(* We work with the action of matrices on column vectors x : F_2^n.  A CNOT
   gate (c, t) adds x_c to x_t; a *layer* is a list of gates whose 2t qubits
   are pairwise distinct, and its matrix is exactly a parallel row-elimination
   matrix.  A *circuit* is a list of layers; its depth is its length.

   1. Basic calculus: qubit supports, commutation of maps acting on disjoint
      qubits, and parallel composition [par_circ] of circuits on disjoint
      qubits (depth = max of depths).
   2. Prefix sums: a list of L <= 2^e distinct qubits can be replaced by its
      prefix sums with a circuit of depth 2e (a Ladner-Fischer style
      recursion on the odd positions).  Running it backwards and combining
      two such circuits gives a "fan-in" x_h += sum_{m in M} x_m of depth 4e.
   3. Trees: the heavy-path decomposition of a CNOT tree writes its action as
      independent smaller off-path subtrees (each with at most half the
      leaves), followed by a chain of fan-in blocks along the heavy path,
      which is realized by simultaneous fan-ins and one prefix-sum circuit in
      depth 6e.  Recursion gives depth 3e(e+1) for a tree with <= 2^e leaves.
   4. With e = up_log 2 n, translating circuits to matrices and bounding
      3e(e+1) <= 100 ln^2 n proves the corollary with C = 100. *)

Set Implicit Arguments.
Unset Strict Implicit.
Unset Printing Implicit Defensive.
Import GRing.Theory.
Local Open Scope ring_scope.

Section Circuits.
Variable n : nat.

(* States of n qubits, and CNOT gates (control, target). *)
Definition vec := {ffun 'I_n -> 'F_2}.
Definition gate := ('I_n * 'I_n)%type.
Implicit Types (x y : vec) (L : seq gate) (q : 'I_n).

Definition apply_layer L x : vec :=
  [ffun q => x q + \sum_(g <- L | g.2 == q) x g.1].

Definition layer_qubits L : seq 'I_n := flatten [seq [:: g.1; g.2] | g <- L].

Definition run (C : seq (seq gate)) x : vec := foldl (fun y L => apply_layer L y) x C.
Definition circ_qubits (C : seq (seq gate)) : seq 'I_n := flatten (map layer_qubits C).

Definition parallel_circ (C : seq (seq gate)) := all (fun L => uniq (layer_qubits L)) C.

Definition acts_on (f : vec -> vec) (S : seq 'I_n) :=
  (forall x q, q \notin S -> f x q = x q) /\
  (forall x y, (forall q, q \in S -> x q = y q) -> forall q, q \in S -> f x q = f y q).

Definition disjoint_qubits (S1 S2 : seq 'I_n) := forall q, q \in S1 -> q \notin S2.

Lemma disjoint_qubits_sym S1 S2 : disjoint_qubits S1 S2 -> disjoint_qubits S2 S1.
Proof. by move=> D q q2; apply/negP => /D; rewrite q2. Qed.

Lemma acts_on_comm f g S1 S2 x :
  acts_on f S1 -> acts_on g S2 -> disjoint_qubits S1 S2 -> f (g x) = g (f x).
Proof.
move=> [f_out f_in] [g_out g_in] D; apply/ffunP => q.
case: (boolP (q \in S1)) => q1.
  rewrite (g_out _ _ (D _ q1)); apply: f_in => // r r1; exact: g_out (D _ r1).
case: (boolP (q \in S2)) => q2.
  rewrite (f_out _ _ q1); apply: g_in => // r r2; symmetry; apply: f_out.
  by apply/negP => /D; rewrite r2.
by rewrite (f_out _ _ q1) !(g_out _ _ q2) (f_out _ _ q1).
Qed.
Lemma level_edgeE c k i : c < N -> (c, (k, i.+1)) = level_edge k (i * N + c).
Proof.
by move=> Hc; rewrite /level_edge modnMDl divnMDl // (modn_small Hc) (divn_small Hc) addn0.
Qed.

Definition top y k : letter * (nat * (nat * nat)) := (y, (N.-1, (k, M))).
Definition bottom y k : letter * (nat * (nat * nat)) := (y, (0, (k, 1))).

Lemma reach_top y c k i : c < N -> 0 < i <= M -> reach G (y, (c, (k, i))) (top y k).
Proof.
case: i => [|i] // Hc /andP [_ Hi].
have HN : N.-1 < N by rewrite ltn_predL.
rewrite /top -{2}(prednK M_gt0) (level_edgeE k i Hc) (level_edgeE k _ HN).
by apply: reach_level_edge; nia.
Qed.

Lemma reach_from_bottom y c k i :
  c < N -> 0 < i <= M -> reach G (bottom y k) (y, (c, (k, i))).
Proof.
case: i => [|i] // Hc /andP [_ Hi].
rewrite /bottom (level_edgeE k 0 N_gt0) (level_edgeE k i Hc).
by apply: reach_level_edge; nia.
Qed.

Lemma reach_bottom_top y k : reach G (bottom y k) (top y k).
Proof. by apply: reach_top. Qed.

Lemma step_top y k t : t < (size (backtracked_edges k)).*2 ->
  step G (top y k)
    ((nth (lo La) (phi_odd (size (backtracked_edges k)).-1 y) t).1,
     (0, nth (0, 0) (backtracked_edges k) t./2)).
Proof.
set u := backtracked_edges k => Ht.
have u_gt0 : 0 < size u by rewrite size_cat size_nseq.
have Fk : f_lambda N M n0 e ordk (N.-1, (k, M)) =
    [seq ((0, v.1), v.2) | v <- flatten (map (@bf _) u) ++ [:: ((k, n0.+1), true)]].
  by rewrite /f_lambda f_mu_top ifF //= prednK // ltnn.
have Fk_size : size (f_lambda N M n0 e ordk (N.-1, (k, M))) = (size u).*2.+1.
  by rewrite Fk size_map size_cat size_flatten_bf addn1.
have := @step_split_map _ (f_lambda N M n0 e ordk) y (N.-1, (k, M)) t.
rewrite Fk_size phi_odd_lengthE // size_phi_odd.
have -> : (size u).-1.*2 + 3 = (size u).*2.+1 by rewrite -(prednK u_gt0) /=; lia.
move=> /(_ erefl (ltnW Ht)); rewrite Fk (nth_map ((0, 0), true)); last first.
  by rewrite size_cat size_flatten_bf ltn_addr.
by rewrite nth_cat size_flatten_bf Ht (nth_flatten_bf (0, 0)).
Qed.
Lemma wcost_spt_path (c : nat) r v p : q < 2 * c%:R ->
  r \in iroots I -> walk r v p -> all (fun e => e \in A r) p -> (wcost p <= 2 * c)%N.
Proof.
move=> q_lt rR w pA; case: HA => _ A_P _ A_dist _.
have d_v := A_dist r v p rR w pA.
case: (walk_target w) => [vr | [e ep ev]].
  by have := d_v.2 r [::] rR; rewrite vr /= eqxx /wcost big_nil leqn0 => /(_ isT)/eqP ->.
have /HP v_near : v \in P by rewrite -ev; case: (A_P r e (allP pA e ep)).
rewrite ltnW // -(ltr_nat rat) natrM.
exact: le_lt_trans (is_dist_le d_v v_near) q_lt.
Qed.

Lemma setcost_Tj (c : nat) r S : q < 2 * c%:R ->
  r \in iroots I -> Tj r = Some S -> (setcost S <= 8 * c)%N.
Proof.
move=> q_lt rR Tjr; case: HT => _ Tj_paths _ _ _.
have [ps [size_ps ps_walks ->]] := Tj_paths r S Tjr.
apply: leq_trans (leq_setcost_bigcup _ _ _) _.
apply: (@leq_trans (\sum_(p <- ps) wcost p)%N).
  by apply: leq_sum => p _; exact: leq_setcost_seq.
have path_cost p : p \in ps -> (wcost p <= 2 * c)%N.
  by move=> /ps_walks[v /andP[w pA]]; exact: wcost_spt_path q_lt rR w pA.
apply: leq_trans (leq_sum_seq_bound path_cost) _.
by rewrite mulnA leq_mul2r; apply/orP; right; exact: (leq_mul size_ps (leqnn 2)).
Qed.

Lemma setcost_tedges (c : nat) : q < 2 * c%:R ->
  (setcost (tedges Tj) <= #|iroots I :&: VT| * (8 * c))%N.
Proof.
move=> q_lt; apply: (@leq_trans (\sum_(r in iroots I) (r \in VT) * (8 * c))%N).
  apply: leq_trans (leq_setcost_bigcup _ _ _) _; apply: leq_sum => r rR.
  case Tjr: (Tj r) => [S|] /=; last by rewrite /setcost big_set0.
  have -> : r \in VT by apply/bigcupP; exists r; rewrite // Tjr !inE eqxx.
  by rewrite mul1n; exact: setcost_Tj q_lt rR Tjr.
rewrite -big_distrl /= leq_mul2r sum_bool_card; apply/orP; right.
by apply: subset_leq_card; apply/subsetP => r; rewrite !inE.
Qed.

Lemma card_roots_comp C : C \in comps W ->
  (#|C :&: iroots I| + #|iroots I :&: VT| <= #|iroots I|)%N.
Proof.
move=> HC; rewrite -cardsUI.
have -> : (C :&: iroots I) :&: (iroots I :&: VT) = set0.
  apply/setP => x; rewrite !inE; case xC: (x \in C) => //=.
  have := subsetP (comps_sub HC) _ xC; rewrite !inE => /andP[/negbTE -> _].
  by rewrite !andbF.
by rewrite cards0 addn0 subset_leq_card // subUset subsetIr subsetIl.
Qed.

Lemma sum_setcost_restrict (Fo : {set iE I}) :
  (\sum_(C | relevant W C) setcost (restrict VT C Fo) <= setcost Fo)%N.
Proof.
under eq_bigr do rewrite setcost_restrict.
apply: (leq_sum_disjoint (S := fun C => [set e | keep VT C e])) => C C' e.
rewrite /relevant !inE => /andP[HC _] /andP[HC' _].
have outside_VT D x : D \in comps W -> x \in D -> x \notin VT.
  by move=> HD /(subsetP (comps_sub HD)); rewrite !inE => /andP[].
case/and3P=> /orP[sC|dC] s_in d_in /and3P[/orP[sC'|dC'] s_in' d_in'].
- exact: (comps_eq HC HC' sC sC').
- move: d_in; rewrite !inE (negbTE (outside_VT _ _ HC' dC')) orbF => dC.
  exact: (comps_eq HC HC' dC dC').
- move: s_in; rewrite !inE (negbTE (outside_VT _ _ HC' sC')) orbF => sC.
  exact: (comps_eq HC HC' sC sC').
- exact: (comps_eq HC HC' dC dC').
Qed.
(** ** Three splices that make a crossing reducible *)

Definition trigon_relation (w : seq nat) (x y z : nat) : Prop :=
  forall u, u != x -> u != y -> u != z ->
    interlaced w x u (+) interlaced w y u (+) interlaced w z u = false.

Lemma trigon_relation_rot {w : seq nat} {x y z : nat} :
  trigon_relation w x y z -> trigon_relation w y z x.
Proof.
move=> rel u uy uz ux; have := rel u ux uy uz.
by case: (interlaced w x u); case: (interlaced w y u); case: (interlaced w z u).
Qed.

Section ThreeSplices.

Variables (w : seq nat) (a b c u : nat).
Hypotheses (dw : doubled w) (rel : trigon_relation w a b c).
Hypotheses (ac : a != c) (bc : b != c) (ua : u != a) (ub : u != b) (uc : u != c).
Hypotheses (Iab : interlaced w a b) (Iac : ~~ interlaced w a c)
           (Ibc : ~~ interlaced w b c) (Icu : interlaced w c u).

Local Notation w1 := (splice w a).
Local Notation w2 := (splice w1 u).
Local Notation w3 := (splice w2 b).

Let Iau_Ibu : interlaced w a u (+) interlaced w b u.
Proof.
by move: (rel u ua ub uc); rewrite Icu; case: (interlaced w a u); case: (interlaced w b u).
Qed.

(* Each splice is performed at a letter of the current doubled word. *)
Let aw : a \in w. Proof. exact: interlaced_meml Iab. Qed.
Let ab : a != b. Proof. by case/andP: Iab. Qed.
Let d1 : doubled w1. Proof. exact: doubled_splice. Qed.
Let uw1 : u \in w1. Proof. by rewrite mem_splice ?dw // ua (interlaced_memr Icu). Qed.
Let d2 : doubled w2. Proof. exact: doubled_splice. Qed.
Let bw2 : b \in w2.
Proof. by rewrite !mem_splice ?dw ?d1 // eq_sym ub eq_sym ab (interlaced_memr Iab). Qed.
-*-
- **PROBLEM TO SOLVE**
Return only the lines spanning from the first line of the material through the line with "qubits (depth = max of depths).", copied exactly, both ends kept.

- **SOLVED EXERCISE**
(* We work with the action of matrices on column vectors x : F_2^n.  A CNOT
   gate (c, t) adds x_c to x_t; a *layer* is a list of gates whose 2t qubits
   are pairwise distinct, and its matrix is exactly a parallel row-elimination
   matrix.  A *circuit* is a list of layers; its depth is its length.

   1. Basic calculus: qubit supports, commutation of maps acting on disjoint
      qubits, and parallel composition [par_circ] of circuits on disjoint
      qubits (depth = max of depths).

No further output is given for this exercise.